Gravel  deposited in an ancient streambed.  Could the latest discovery be related to the finding of organic materials?   Photo credit NASA/JPL-Caltech

John Grotzinger, principal investigator for the Mars mission, is uncharacteristically non-specific about what he terms as an “earth-shaking” discovery.  By way of explanation, he said the findings have come from the Sample Analysis at Mars (SAM) instruments which have begun analyzing the first soil samples in its onboard laboratory.

“This data is gonna be one for the history books,” he elaborated.  “We’re getting data from SAM as we sit here and speak, and the data looks really interesting.  The science team is busily chewing away on it as it comes down.”

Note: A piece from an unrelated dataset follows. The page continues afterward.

(* For every well-typed $\lambda^{dFG}$ expression $e$, all stores $\Sigma,\Sigma'$, heaps $\mu,\mu'$, labels $pc$, environments $\theta$ and values $v$ of $\lambda^{dFG}$: if $\langle\Sigma,\mu,e\rangle\Downarrow^{\theta}_{pc}\langle\Sigma',\mu',v\rangle$, then in the forcing semantics of $\lambda^{dCG}$, $\langle\langle\!\langle\Sigma\rangle\!\rangle,\langle\!\langle\mu\rangle\!\rangle,pc,\langle\!\langle e\rangle\!\rangle\rangle\Downarrow^{\langle\!\langle\theta\rangle\!\rangle}\langle\langle\!\langle\Sigma'\rangle\!\rangle,\langle\!\langle\mu'\rangle\!\rangle,pc,\langle\!\langle v\rangle\!\rangle\rangle$.
   Context: Labels form a lattice $(\mathcal{L},\sqsubseteq,\sqcup)$. Lists: $|X|$ length, $X[n]$ entry $n$ (from 0), $X[n\mapsto y]$ replacement (append if $n=|X|$). Source calculus $\lambda^{dFG}$: types $\mathbf{unit},\tau_1\to\tau_2,\tau_1+\tau_2,\tau_1\times\tau_2,\mathcal{L},\mathbf{Ref}\,s\,\tau$ ($s\in\{I,S\}$, standard simple typing); expressions $x,\lambda x.e,e_1e_2,(),\ell,(e_1,e_2),\mathbf{fst}(e),\mathbf{snd}(e),\mathbf{inl}(e),\mathbf{inr}(e),\mathbf{case}(e,x.e_1,x.e_2),\mathbf{getLabel},\mathbf{labelOf}(e),e_1\sqsubseteq^?e_2,\mathbf{taint}(e_1,e_2),\mathbf{new}(e),!e,e_1:=e_2,\mathbf{labelOfRef}(e)$; raw values $r::=()\mid(x.e,\theta)\mid\mathbf{inl}(v)\mid\mathbf{inr}(v)\mid(v_1,v_2)\mid\ell\mid n_\ell\mid n$; values $v::=r^\ell$; $r^\ell\sqcup\ell'=r^{\ell\sqcup\ell'}$; stores map labels to lists of raw values; heaps are lists of values. Evaluation $\langle\Sigma,\mu,e\rangle\Downarrow^\theta_{pc}\langle\Sigma',\mu',v\rangle$ (store/heap threaded left to right through premises; ''$e\Downarrow v$'' uses current $\theta,pc$): $x\Downarrow\theta(x)\sqcup pc$; $()\Downarrow()^{pc}$; $\ell\Downarrow\ell^{pc}$; $\lambda x.e\Downarrow(x.e,\theta)^{pc}$; $\mathbf{getLabel}\Downarrow pc^{pc}$; $e_1e_2\Downarrow v$ if $e_1\Downarrow(x.e,\theta')^\ell$, $e_2\Downarrow v_2$ and $e$ evaluates to $v$ in $\theta'[x\mapsto v_2]$ at $pc\sqcup\ell$; $\mathbf{inl}(e)\Downarrow\mathbf{inl}(v)^{pc}$, $\mathbf{inr}(e)\Downarrow\mathbf{inr}(v)^{pc}$ if $e\Downarrow v$; $\mathbf{case}(e,x.e_1,x.e_2)\Downarrow v$ if $e\Downarrow\mathbf{inl}(v_1)^\ell$ and $e_1$ gives $v$ in $\theta[x\mapsto v_1]$ at $pc\sqcup\ell$ (symmetric for $\mathbf{inr}$, $e_2$); $(e_1,e_2)\Downarrow(v_1,v_2)^{pc}$; if $e\Downarrow(v_1,v_2)^\ell$ then $\mathbf{fst}(e)\Downarrow v_1\sqcup\ell$, $\mathbf{snd}(e)\Downarrow v_2\sqcup\ell$; if $e\Downarrow r^\ell$ then $\mathbf{labelOf}(e)\Downarrow\ell^\ell$; if $e_1\Downarrow\ell_1^{\ell_1'}$, $e_2\Downarrow\ell_2^{\ell_2'}$ then $e_1\sqsubseteq^?e_2\Downarrow\mathbf{inl}(()^{pc})^{\ell_1'\sqcup\ell_2'}$ if $\ell_1\sqsubseteq\ell_2$ else $\mathbf{inr}(()^{pc})^{\ell_1'\sqcup\ell_2'}$; $\mathbf{taint}(e_1,e_2)\Downarrow v$ if $e_1\Downarrow\ell^{\ell'}$, $\ell'\sqsubseteq\ell$, and $e_2$ gives $v$ at program counter $\ell$. References of type $\mathbf{Ref}\,I$: $\mathbf{new}(e)\Downarrow(n_\ell)^{pc}$ if $e\Downarrow r^\ell$ with store $\Sigma'$, $n=|\Sigma'(\ell)|$, new store $\Sigma'[\ell\mapsto\Sigma'(\ell)[n\mapsto r]]$; $!e\Downarrow r^{\ell\sqcup\ell'}$ if $e\Downarrow(n_\ell)^{\ell'}$ with store $\Sigma'$ and $\Sigma'(\ell)[n]=r$; $e_1:=e_2\Downarrow()^{pc}$ if $e_1\Downarrow(n_\ell)^{\ell_1}$, $\ell_1\sqsubseteq\ell$, $e_2\Downarrow r^{\ell_2}$ with store $\Sigma''$, $\ell_2\sqsubseteq\ell$, new store $\Sigma''[\ell\mapsto\Sigma''(\ell)[n\mapsto r]]$; $\mathbf{labelOfRef}(e)\Downarrow\ell^{\ell\sqcup\ell'}$ if $e\Downarrow(n_\ell)^{\ell'}$. References of type $\mathbf{Ref}\,S$: $\mathbf{new}(e)\Downarrow n^{pc}$ if $e\Downarrow v$ with heap $\mu'$, $n=|\mu'|$, new heap $\mu'[n\mapsto v]$; $!e\Downarrow r^{\ell\sqcup\ell'}$ if $e\Downarrow n^\ell$, heap entry $r^{\ell'}$ at $n$; $\mathbf{labelOfRef}(e)\Downarrow\ell_2^{\ell_1\sqcup\ell_2}$ if $e\Downarrow n^{\ell_1}$, heap entry $r^{\ell_2}$; $e_1:=e_2\Downarrow()^{pc}$ if $e_1\Downarrow n^\ell$, $e_2\Downarrow r_2^{\ell_2}$ with heap $\mu''$, $\mu''[n]=r_1^{\ell_1}$, $\ell\sqsubseteq\ell_1$, new heap $\mu''[n\mapsto r_2^{\ell_2\sqcup\ell}]$. Target calculus $\lambda^{dCG}$: types add $\mathbf{LIO}\,\tau$, $\mathbf{Labeled}\,\tau$; values $()\mid(x.e,\theta)\mid\mathbf{inl}(v)\mid\mathbf{inr}(v)\mid(v_1,v_2)\mid\ell\mid\mathbf{Labeled}\,\ell\,v\mid(t,\theta)\mid n_\ell\mid n$; expressions: the pure constructs $x,\lambda x.e,e_1e_2,(),\ell$, pairs, projections, injections, $\mathbf{case}$, $e_1\sqsubseteq^?e_2$, and thunks $t::=\mathbf{return}(e)\mid\mathbf{bind}(e,x.e)\mid\mathbf{unlabel}(e)\mid\mathbf{toLabeled}(e)\mid\mathbf{labelOf}(e)\mid\mathbf{getLabel}\mid\mathbf{taint}(e)\mid\mathbf{new}(e)\mid!e\mid e_1:=e_2\mid\mathbf{labelOfRef}(e)$; stores map labels to lists of values, heaps are lists of $\mathbf{Labeled}\,\ell\,v$. Pure semantics $e\Downarrow^\theta v$: standard call-by-value environment semantics ($x\Downarrow\theta(x)$, $\lambda x.e\Downarrow(x.e,\theta)$, thunk $t\Downarrow(t,\theta)$, application of function closures, componentwise pairs/injections/projections, case on injections binding $x$, $e_1\sqsubseteq^?e_2$ yields $\mathbf{inl}(())$ if the labels satisfy $\ell_1\sqsubseteq\ell_2$ else $\mathbf{inr}(())$). Forcing: $\langle\Sigma,\mu,pc,e\rangle\Downarrow^\theta c'$ iff $e\Downarrow^\theta(t,\theta')$ and $\langle\Sigma,\mu,pc,t\rangle\Downarrow^{\theta'}c'$. Thunk rules (state unchanged unless said): $\mathbf{return}(e)$ gives $v$ where $e\Downarrow v$; $\mathbf{bind}(e_1,x.e_2)$ forces $e_1$ to get $\langle\Sigma',\mu',pc',v_1\rangle$ then forces $e_2$ in $\theta[x\mapsto v_1]$ from that state; $\mathbf{toLabeled}(e)$: forcing $e$ gives $\langle\Sigma',\mu',pc',v\rangle$, result $\langle\Sigma',\mu',pc,\mathbf{Labeled}\,pc'\,v\rangle$; $\mathbf{unlabel}(e)$ with $e\Downarrow\mathbf{Labeled}\,\ell\,v$ gives $v$ with program counter $pc\sqcup\ell$; $\mathbf{labelOf}(e)$ with $e\Downarrow\mathbf{Labeled}\,\ell\,v$ gives $\ell$ with program counter $pc\sqcup\ell$; $\mathbf{getLabel}$ gives $pc$; $\mathbf{taint}(e)$ with $e\Downarrow\ell$ gives $()$ with program counter $pc\sqcup\ell$; $\mathbf{Ref}\,I$: $\mathbf{new}(e)$ with $e\Downarrow\mathbf{Labeled}\,\ell\,v$, $pc\sqsubseteq\ell$, $n=|\Sigma(\ell)|$ gives $n_\ell$ and store $\Sigma[\ell\mapsto\Sigma(\ell)[n\mapsto v]]$; $!e$ with $e\Downarrow n_\ell$ gives $\Sigma(\ell)[n]$ with pc $pc\sqcup\ell$; $e_1:=e_2$ with $e_1\Downarrow n_{\ell_1}$, $e_2\Downarrow\mathbf{Labeled}\,\ell_2\,v$, $\ell_2\sqsubseteq\ell_1$, $pc\sqsubseteq\ell_1$ gives $()$ and store $\Sigma[\ell_1\mapsto\Sigma(\ell_1)[n\mapsto v]]$; $\mathbf{labelOfRef}(e)$ with $e\Downarrow n_\ell$ gives $\ell$ with pc $pc\sqcup\ell$; $\mathbf{Ref}\,S$: $\mathbf{new}(e)$ with $e\Downarrow\mathbf{Labeled}\,\ell\,v$, $pc\sqsubseteq\ell$, $n=|\mu|$ gives $n$ and heap $\mu[n\mapsto\mathbf{Labeled}\,\ell\,v]$; $!e$ with $e\Downarrow n$, $\mu[n]=\mathbf{Labeled}\,\ell\,v$ gives $v$ with pc $pc\sqcup\ell$; $\mathbf{labelOfRef}(e)$ likewise gives $\ell$ with pc $pc\sqcup\ell$; $e_1:=e_2$ with $e_1\Downarrow n$, $e_2\Downarrow\mathbf{Labeled}\,\ell'\,v$, $\mu[n]=\mathbf{Labeled}\,\ell\,v_0$, $pc\sqsubseteq\ell$ gives $()$ and heap $\mu[n\mapsto\mathbf{Labeled}\,(pc\sqcup\ell')\,v]$. Translation $\langle\!\langle\cdot\rangle\!\rangle$. Notation: $y\leftarrow e_1;e_2$ means $\mathbf{bind}(e_1,y.e_2)$ and $e_1;e_2$ means $\mathbf{bind}(e_1,y.e_2)$ with $y$ fresh; $\mathbf{if}\,e\,\mathbf{then}\,e_1\,\mathbf{else}\,e_2$ means $\mathbf{case}(e,\_.e_1,\_.e_2)$. Expressions: $\langle\!\langle()\rangle\!\rangle=\mathbf{toLabeled}(\mathbf{return}(()))$; $\langle\!\langle\ell\rangle\!\rangle=\mathbf{toLabeled}(\mathbf{return}(\ell))$; $\langle\!\langle\lambda x.e\rangle\!\rangle=\mathbf{toLabeled}(\mathbf{return}(\lambda x.\langle\!\langle e\rangle\!\rangle))$; $\langle\!\langle\mathbf{inl}(e)\rangle\!\rangle=\mathbf{toLabeled}(lv\leftarrow\langle\!\langle e\rangle\!\rangle;\mathbf{return}(\mathbf{inl}(lv)))$, same for $\mathbf{inr}$; $\langle\!\langle(e_1,e_2)\rangle\!\rangle=\mathbf{toLabeled}(lv_1\leftarrow\langle\!\langle e_1\rangle\!\rangle;lv_2\leftarrow\langle\!\langle e_2\rangle\!\rangle;\mathbf{return}((lv_1,lv_2)))$; $\langle\!\langle x\rangle\!\rangle=\mathbf{toLabeled}(\mathbf{unlabel}(x))$; $\langle\!\langle e_1e_2\rangle\!\rangle=\mathbf{toLabeled}(lv_1\leftarrow\langle\!\langle e_1\rangle\!\rangle;lv_2\leftarrow\langle\!\langle e_2\rangle\!\rangle;v_1\leftarrow\mathbf{unlabel}(lv_1);lv\leftarrow v_1\,lv_2;\mathbf{unlabel}(lv))$; $\langle\!\langle\mathbf{case}(e,x.e_1,x.e_2)\rangle\!\rangle=\mathbf{toLabeled}(lv\leftarrow\langle\!\langle e\rangle\!\rangle;v\leftarrow\mathbf{unlabel}(lv);lv'\leftarrow\mathbf{case}(v,x.\langle\!\langle e_1\rangle\!\rangle,x.\langle\!\langle e_2\rangle\!\rangle);\mathbf{unlabel}(lv'))$; $\langle\!\langle\mathbf{fst}(e)\rangle\!\rangle=\mathbf{toLabeled}(lv\leftarrow\langle\!\langle e\rangle\!\rangle;v\leftarrow\mathbf{unlabel}(lv);\mathbf{unlabel}(\mathbf{fst}(v)))$, same for $\mathbf{snd}$; $\langle\!\langle e_1\sqsubseteq^?e_2\rangle\!\rangle=\mathbf{toLabeled}(lv_1\leftarrow\langle\!\langle e_1\rangle\!\rangle;lv_2\leftarrow\langle\!\langle e_2\rangle\!\rangle;lu\leftarrow\mathbf{toLabeled}(\mathbf{return}(()));v_1\leftarrow\mathbf{unlabel}(lv_1);v_2\leftarrow\mathbf{unlabel}(lv_2);\mathbf{return}(\mathbf{if}\,v_1\sqsubseteq^?v_2\,\mathbf{then}\,\mathbf{inl}(lu)\,\mathbf{else}\,\mathbf{inr}(lu)))$; $\langle\!\langle\mathbf{taint}(e_1,e_2)\rangle\!\rangle=\mathbf{toLabeled}(lv_1\leftarrow\langle\!\langle e_1\rangle\!\rangle;v_1\leftarrow\mathbf{unlabel}(lv_1);\mathbf{taint}(v_1);lv_2\leftarrow\langle\!\langle e_2\rangle\!\rangle;\mathbf{unlabel}(lv_2))$; $\langle\!\langle\mathbf{labelOf}(e)\rangle\!\rangle=\mathbf{toLabeled}(lv\leftarrow\langle\!\langle e\rangle\!\rangle;\mathbf{labelOf}(lv))$; $\langle\!\langle\mathbf{getLabel}\rangle\!\rangle=\mathbf{toLabeled}(\mathbf{getLabel})$; $\langle\!\langle\mathbf{new}(e)\rangle\!\rangle=\mathbf{toLabeled}(lv\leftarrow\langle\!\langle e\rangle\!\rangle;\mathbf{new}(lv))$; $\langle\!\langle!e\rangle\!\rangle=\mathbf{toLabeled}(lr\leftarrow\langle\!\langle e\rangle\!\rangle;r\leftarrow\mathbf{unlabel}(lr);!r)$; $\langle\!\langle e_1:=e_2\rangle\!\rangle=\mathbf{toLabeled}(lr\leftarrow\langle\!\langle e_1\rangle\!\rangle;lv\leftarrow\langle\!\langle e_2\rangle\!\rangle;r\leftarrow\mathbf{unlabel}(lr);r:=lv);\mathbf{toLabeled}(\mathbf{return}(()))$; $\langle\!\langle\mathbf{labelOfRef}(e)\rangle\!\rangle=\mathbf{toLabeled}(lr\leftarrow\langle\!\langle e\rangle\!\rangle;r\leftarrow\mathbf{unlabel}(lr);\mathbf{labelOfRef}(r))$. Here every nested translated subexpression $\langle\!\langle e_i\rangle\!\rangle$ (and the nested $\mathbf{toLabeled}(\mathbf{return}(()))$) is evaluated in an environment from which the auxiliary variables $lv,lv_1,lv_2,lv',lu,lr,r,v,v_1,v_2$ introduced by the translation have been removed (formally via a weakening construct $\mathbf{wken}(\bar x,e)$ that evaluates $e$ in $\theta$ with $\bar x$ removed from its domain), so that closures never capture them. Values: $\langle\!\langle r^\ell\rangle\!\rangle=\mathbf{Labeled}\,\ell\,\langle\!\langle r\rangle\!\rangle$; $\langle\!\langle()\rangle\!\rangle=()$, $\langle\!\langle\ell\rangle\!\rangle=\ell$, pairs and injections homomorphically; $\langle\!\langle(x.e,\theta)\rangle\!\rangle=(x.\langle\!\langle e\rangle\!\rangle,\langle\!\langle\theta\rangle\!\rangle)$; $\langle\!\langle n_\ell\rangle\!\rangle=n_\ell$; $\langle\!\langle n\rangle\!\rangle=n$. Environments pointwise, $\langle\!\langle\theta\rangle\!\rangle(x)=\langle\!\langle\theta(x)\rangle\!\rangle$; stores pointwise on each memory, translating each raw value $r$ to $\langle\!\langle r\rangle\!\rangle$; heaps pointwise, $\langle\!\langle r^\ell:\mu\rangle\!\rangle=\langle\!\langle r^\ell\rangle\!\rangle:\langle\!\langle\mu\rangle\!\rangle$. *)

From HB Require Import structures.
From mathcomp Require Import all_boot all_order.
Set Implicit Arguments. Unset Strict Implicit. Unset Printing Implicit Defensive.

In early October, the mission announced that Curiosity had found evidence for a “fast-moving stream up to hip-deep” on a plain called Aeolis Palus within the Gale Crater where it’s currently roving.  This information is consistent with earlier orbital observations of an ancient channel cutting through Gale Crater’s rim, leaving behind an alluvial fan of streambed gravel.

Curiosity rover near “Rocknest,” a patch of wind-deposited soil that’s the target for the first scooping activity.  Photo credit NASA/JPL-Caltech

For the last few weeks, the rover has been scooping samples from a sandy ridge called “Rocknest,” shaking and dumping the soil grains into its SAM and Chemistry and Mineralogy (CheMin) instruments.

There’s a strong possibility that organics have been found because that’s one of the primary missions of the project.  Also, the JPL mission site states that one of SAM’s objectives is to address “. . . carbon chemistry through a search for organic compounds, the chemical state of light elements other than carbon, and isotopic tracers of planetary change.”

If organics were found, it would be an important piece of evidence showing that the Red Planet was once more like Earth than it is today.

But we’ll have to wait a few weeks until the results are analyzed, checked, reanalyzed and rechecked again until scientists are certain about what they’ve discovered.

Perhaps they’re being extra cautious after having hinted at the presence of methane on Mars, only to find that the methane present came from Earth—the analyzing instrument needed to be flushed out before Martian air could be properly analyzed.